> **PROMPT**: In the entries that follow, the lines from the one with "Z.eqb_eq in H" through the one with "Lemma Zmod_add_modulus N" are the ones to write out, exactly and with both ends included. Nothing else should appear.
[Opening EXERCISE DATA section]
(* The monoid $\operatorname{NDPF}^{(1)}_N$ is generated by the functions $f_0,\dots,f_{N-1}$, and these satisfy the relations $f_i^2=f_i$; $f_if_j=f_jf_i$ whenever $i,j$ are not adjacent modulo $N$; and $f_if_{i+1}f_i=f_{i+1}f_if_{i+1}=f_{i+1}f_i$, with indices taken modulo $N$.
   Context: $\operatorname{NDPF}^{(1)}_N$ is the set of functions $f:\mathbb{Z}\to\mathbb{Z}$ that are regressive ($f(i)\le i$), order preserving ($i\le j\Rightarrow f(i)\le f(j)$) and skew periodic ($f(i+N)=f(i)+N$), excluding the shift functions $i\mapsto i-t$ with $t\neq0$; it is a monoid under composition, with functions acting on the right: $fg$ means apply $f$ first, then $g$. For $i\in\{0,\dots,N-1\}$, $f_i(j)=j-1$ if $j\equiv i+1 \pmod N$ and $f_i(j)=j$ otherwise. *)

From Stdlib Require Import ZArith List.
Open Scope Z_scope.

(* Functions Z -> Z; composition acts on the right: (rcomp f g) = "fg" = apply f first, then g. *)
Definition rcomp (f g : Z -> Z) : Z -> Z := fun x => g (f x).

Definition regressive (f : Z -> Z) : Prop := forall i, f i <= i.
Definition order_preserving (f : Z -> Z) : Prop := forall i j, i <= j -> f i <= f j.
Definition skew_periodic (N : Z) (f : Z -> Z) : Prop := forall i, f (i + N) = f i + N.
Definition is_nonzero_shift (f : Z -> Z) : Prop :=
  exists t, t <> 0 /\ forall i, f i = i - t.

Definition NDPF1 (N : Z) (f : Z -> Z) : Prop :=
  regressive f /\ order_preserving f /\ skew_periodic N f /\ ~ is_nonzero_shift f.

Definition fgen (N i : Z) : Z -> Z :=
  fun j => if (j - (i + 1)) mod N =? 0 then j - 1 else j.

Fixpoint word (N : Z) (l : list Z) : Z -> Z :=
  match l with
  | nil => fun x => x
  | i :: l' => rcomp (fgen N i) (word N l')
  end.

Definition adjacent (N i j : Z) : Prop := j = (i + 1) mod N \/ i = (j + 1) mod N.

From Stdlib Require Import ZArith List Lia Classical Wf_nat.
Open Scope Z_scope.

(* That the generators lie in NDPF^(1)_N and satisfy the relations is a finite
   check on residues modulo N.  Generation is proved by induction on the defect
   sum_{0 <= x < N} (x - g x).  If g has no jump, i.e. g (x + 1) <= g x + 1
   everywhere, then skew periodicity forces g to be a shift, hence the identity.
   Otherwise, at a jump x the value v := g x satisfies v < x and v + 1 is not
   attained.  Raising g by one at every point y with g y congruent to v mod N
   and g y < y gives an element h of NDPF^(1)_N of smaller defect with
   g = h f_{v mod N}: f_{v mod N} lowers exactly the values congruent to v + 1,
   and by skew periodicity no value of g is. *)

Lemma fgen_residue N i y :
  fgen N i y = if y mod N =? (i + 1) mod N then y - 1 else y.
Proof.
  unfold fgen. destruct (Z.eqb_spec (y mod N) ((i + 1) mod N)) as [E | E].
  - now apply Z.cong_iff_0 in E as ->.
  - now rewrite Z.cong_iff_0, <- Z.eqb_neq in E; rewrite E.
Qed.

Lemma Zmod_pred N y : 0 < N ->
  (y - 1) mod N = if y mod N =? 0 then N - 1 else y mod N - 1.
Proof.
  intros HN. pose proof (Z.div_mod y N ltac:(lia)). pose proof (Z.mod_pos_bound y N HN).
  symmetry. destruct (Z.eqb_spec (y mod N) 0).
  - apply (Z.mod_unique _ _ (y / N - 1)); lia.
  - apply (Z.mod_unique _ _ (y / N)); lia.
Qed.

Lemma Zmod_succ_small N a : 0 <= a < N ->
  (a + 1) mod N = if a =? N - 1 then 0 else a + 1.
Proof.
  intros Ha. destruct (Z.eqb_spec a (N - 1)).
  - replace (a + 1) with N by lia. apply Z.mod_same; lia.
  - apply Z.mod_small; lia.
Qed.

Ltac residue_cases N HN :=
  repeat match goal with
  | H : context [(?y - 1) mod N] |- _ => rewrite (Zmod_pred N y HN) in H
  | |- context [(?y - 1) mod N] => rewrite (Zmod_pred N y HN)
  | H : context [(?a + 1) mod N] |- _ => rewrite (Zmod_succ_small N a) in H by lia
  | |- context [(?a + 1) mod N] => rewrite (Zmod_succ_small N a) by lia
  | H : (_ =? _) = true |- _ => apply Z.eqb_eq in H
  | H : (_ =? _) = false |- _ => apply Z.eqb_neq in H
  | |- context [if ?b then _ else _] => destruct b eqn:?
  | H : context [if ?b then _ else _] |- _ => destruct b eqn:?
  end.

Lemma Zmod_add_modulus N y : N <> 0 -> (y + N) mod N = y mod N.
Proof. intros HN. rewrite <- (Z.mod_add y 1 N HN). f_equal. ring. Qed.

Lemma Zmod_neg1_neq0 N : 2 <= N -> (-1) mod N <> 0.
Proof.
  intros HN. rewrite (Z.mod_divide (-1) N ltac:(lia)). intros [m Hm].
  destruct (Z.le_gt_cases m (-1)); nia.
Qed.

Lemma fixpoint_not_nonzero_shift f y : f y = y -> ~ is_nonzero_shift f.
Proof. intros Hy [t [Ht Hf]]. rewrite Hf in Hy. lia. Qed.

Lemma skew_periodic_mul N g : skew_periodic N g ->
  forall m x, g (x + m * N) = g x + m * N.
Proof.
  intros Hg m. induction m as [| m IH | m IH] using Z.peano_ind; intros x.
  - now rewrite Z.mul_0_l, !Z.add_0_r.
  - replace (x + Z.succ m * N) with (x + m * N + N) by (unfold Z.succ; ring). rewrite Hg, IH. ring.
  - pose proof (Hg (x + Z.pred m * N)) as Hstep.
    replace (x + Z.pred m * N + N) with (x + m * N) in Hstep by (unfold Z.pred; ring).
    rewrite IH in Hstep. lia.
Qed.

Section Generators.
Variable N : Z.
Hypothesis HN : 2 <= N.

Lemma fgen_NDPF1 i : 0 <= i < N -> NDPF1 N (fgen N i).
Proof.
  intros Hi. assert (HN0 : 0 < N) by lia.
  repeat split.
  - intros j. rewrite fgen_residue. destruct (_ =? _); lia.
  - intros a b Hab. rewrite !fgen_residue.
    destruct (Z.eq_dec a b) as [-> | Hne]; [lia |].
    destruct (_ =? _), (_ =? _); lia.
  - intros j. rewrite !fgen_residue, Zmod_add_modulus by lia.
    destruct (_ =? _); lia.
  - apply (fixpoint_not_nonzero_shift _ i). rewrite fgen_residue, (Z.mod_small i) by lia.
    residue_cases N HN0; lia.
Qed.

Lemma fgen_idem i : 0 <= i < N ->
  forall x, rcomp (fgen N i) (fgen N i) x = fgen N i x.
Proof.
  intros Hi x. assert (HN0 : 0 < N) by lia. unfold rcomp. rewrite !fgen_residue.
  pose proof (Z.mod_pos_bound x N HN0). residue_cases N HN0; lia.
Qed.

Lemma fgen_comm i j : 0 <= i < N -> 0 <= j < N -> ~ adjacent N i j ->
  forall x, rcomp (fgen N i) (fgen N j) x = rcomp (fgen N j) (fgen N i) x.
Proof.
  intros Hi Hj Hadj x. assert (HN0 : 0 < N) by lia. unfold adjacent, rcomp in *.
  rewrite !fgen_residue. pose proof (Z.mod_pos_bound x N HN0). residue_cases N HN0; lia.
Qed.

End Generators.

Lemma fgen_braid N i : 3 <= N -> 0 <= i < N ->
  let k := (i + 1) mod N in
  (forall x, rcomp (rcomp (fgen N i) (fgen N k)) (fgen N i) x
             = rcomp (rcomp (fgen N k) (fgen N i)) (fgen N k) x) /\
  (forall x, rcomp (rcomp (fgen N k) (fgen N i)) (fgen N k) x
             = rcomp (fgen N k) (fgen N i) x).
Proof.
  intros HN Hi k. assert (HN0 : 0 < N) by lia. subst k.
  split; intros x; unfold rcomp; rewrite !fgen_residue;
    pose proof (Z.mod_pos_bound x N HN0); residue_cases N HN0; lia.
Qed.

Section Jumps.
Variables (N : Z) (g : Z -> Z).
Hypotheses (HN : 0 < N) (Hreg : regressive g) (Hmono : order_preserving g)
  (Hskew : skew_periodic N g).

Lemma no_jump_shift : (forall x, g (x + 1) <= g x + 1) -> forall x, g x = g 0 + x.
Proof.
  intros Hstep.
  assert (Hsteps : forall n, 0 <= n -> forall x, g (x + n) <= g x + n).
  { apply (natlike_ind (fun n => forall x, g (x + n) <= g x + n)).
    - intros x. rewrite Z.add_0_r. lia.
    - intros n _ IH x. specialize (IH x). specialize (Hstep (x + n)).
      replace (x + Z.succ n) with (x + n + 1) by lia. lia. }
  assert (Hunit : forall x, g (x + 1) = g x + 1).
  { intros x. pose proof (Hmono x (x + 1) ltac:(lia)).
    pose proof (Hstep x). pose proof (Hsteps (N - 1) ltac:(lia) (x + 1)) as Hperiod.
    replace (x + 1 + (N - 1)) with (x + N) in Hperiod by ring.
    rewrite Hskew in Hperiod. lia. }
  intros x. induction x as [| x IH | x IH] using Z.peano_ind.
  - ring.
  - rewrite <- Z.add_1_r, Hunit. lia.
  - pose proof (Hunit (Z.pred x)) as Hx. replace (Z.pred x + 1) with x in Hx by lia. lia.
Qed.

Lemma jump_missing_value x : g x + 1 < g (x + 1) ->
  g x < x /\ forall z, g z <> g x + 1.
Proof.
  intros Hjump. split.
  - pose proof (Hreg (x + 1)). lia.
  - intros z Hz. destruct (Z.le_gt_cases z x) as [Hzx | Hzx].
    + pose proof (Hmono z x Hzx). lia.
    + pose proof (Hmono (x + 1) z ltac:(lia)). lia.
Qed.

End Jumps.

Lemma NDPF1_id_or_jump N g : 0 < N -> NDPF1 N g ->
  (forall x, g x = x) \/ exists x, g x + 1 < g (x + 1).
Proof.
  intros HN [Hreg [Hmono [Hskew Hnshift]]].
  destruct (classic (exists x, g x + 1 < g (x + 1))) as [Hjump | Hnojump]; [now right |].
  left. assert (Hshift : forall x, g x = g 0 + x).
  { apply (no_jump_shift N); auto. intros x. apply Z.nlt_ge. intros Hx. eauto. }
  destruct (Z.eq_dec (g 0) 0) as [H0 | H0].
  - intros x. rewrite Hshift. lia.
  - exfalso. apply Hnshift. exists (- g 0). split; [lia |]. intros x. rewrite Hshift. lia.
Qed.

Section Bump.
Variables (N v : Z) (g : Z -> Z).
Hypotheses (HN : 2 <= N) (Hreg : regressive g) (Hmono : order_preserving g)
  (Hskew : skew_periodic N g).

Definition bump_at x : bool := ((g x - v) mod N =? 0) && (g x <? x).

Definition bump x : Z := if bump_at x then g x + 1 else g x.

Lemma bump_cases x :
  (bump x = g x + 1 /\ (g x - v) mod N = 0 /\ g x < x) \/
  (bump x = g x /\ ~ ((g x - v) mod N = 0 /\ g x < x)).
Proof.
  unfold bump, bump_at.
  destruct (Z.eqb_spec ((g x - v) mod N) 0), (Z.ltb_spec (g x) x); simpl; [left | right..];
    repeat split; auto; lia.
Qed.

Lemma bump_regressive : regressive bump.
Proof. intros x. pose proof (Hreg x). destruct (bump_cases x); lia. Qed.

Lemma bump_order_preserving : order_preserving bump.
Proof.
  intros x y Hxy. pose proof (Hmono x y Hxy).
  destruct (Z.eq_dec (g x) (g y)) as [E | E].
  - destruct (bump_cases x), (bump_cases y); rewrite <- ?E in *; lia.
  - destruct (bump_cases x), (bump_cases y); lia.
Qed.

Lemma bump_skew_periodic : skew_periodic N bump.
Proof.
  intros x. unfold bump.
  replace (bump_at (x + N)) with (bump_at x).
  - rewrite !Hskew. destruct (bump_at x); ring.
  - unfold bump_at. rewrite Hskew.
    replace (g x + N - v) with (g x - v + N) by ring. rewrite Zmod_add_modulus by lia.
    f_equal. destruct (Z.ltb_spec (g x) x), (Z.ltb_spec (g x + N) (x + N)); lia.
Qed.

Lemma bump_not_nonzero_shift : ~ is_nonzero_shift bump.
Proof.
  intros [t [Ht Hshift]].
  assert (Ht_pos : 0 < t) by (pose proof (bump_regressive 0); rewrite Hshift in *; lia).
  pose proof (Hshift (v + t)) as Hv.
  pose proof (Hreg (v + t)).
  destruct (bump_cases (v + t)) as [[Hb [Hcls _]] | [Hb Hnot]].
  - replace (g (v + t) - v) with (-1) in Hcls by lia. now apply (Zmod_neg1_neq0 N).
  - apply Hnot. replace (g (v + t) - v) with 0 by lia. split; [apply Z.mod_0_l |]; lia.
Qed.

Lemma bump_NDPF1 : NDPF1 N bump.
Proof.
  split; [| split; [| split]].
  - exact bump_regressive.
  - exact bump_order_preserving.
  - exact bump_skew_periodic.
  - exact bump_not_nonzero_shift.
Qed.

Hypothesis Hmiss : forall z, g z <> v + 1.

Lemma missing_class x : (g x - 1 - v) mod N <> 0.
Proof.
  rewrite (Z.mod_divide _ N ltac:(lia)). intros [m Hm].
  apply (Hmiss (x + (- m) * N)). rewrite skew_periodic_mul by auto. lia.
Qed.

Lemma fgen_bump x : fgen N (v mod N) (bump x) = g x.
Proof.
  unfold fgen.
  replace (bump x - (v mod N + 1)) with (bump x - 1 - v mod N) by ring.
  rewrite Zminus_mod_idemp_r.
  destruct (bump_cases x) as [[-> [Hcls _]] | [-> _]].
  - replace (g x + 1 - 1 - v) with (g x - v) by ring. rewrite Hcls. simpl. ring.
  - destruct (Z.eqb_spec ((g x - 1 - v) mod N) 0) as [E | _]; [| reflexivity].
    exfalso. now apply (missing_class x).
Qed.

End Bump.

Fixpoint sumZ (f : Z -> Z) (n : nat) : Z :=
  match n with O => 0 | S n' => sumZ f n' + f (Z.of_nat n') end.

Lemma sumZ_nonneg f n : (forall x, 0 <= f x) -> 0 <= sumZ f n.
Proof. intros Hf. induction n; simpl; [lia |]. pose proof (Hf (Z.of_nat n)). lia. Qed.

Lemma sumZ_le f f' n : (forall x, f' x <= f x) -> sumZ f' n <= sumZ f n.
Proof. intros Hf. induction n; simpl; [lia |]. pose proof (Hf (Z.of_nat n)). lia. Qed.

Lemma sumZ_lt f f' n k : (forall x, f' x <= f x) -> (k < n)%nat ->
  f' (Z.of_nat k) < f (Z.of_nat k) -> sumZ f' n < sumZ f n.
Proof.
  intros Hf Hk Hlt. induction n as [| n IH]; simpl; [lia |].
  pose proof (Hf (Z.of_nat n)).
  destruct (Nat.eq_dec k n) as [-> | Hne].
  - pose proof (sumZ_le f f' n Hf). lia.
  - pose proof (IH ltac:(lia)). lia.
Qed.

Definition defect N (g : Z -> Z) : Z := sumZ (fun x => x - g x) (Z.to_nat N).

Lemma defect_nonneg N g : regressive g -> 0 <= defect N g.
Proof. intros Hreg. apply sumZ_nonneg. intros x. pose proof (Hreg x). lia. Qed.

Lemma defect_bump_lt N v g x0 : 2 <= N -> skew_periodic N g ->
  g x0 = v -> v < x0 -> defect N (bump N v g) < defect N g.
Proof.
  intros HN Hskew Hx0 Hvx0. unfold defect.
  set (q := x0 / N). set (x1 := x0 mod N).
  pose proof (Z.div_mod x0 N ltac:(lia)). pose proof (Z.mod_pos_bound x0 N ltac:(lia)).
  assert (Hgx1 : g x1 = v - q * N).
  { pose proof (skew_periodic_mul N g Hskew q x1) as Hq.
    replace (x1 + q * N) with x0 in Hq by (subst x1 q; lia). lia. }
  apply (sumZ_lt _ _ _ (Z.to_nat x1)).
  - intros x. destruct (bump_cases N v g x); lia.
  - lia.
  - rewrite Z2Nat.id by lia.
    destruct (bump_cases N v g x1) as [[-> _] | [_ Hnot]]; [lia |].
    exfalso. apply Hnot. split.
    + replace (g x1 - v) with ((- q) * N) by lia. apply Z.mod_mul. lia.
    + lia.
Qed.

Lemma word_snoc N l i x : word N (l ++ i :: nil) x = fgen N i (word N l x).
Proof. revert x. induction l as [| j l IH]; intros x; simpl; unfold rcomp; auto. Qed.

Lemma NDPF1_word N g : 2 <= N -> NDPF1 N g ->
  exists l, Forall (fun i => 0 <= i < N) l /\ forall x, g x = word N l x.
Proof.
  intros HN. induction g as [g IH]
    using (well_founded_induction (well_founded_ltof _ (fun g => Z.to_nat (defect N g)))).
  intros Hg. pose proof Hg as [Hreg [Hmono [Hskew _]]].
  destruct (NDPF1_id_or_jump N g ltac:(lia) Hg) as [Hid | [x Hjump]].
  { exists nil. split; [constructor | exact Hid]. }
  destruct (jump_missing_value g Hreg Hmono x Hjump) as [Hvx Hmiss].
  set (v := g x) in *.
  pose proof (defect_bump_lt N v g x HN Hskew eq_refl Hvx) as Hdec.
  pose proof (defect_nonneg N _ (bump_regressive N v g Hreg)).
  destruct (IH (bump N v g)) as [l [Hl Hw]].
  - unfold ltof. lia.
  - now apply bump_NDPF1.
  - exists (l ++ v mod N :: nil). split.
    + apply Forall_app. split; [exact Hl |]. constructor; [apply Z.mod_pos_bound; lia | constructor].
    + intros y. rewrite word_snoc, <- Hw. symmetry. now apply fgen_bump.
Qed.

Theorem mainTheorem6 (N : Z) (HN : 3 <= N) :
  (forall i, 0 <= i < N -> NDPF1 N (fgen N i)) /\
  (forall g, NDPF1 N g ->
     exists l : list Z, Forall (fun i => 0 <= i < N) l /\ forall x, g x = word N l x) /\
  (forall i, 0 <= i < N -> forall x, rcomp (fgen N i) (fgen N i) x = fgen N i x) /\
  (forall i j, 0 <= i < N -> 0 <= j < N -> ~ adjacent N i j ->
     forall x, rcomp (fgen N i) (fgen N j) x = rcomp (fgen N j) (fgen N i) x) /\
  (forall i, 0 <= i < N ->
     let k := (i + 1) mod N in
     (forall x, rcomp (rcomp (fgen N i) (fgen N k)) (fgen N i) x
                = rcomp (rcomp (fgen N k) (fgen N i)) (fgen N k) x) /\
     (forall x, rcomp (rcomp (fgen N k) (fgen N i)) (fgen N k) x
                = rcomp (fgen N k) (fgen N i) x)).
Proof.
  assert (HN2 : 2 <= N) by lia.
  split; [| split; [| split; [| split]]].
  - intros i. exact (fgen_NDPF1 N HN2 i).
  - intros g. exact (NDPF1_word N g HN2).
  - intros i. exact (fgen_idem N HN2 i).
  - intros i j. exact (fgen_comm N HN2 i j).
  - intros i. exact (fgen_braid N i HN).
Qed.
[Closing EXERCISE DATA section]
[Opening EXERCISE DATA section]
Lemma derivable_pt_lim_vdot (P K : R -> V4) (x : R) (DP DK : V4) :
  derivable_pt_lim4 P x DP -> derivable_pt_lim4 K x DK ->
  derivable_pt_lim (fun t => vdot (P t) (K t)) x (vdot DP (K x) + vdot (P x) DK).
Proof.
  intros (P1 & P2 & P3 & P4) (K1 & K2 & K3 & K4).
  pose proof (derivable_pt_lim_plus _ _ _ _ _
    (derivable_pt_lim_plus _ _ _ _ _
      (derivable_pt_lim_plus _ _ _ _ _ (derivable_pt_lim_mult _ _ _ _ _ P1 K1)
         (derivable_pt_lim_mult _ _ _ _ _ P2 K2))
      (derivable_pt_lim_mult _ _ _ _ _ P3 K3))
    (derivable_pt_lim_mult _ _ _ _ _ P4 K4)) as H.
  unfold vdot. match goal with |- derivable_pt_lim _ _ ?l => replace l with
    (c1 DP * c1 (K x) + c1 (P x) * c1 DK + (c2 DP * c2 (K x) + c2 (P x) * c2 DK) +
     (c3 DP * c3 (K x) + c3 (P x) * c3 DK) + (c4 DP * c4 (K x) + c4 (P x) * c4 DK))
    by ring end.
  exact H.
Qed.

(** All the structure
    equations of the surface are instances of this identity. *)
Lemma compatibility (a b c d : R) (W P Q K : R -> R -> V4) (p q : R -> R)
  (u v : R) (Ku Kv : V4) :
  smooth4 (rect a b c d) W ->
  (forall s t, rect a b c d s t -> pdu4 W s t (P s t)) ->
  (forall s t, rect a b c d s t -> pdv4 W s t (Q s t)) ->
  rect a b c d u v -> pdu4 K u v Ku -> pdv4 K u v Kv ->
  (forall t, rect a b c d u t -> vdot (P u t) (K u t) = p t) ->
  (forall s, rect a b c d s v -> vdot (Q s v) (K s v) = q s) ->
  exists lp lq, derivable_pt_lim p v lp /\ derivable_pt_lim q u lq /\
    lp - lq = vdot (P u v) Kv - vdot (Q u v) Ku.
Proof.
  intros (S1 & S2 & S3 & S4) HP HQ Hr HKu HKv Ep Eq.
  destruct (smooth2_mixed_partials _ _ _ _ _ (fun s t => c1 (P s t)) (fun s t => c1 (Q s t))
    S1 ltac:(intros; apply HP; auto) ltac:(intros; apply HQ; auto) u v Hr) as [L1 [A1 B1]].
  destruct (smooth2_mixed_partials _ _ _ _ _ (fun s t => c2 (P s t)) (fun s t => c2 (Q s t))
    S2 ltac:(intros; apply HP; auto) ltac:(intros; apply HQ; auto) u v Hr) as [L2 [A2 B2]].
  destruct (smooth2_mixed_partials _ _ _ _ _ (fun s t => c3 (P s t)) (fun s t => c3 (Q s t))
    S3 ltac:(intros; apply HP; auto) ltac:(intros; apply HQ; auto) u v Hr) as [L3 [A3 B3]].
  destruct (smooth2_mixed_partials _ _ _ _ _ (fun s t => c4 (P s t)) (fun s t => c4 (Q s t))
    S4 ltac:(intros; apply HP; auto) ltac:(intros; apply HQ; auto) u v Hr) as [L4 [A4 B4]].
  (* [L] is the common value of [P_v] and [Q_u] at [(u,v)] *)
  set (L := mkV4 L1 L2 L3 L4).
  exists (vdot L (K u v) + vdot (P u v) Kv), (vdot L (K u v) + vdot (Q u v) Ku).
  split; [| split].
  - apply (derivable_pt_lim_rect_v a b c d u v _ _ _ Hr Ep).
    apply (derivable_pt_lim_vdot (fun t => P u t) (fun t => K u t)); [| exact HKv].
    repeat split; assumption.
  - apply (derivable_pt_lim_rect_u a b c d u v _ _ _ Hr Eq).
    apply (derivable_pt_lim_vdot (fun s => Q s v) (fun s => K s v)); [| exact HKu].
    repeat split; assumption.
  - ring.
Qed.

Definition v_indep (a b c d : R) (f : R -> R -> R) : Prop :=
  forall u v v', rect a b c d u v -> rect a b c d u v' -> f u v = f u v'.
[Closing EXERCISE DATA section]
[Opening EXERCISE DATA section]
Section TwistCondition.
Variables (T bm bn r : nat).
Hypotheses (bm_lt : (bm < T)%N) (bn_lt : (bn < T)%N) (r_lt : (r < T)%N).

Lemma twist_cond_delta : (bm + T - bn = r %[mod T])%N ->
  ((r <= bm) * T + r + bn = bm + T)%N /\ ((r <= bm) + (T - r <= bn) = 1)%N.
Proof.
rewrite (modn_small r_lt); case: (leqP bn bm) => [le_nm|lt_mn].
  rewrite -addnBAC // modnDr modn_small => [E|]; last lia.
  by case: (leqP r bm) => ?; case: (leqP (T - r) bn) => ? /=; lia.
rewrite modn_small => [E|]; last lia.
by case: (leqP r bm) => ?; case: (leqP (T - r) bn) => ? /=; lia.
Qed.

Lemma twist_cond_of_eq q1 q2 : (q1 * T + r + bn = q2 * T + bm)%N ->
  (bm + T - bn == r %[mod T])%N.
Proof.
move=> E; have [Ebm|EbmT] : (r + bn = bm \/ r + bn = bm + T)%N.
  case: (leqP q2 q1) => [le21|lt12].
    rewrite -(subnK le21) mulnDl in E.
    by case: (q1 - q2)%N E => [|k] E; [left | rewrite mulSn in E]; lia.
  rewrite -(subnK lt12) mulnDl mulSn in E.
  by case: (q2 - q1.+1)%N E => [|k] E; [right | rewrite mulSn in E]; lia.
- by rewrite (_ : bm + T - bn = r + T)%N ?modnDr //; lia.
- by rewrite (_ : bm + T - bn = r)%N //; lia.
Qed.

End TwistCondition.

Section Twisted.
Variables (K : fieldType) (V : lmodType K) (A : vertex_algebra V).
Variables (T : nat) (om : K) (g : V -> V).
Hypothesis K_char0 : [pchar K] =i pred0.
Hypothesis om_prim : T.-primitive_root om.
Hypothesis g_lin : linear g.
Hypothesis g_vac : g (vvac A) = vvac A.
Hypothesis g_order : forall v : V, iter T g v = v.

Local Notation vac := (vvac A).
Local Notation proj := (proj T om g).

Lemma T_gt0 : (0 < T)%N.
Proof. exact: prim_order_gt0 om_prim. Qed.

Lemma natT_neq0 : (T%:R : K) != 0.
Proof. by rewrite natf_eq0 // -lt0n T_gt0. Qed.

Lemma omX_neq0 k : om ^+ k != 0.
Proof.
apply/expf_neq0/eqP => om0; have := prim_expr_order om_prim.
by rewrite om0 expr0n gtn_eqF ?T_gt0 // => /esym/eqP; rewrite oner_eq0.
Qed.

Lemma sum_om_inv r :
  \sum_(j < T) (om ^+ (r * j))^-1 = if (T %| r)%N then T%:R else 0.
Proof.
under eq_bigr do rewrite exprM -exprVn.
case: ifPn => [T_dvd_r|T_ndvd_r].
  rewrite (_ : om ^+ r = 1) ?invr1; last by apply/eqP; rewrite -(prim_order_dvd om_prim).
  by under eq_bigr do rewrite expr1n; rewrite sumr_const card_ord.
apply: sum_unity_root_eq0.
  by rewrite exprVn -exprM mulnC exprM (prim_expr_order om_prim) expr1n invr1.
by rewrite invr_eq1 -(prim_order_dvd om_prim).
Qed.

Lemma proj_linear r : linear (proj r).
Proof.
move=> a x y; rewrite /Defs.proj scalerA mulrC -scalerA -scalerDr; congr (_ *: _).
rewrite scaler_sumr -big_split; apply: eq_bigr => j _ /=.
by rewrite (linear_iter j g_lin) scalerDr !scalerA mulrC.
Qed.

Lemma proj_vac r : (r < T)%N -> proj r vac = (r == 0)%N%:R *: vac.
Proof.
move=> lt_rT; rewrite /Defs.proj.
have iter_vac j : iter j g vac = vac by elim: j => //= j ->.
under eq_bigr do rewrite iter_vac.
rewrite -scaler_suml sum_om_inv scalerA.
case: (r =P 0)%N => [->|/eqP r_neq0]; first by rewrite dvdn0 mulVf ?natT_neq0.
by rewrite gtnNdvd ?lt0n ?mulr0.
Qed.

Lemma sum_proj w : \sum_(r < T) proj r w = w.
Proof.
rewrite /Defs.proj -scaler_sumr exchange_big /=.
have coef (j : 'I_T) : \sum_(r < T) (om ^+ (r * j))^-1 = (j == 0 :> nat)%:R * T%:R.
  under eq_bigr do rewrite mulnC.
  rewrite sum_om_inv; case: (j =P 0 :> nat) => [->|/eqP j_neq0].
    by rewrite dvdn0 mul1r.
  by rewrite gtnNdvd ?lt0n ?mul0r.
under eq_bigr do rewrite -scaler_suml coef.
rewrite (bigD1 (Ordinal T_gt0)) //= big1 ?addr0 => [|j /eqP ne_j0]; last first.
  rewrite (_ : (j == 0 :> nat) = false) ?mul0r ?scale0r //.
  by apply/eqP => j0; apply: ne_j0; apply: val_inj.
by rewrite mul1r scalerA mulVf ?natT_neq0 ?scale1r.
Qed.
[Closing EXERCISE DATA section]
> **SOLVED PROBLEM**:
  | H : (_ =? _) = true |- _ => apply Z.eqb_eq in H
  | H : (_ =? _) = false |- _ => apply Z.eqb_neq in H
  | |- context [if ?b then _ else _] => destruct b eqn:?
  | H : context [if ?b then _ else _] |- _ => destruct b eqn:?
  end.

Lemma Zmod_add_modulus N y : N <> 0 -> (y + N) mod N = y mod N.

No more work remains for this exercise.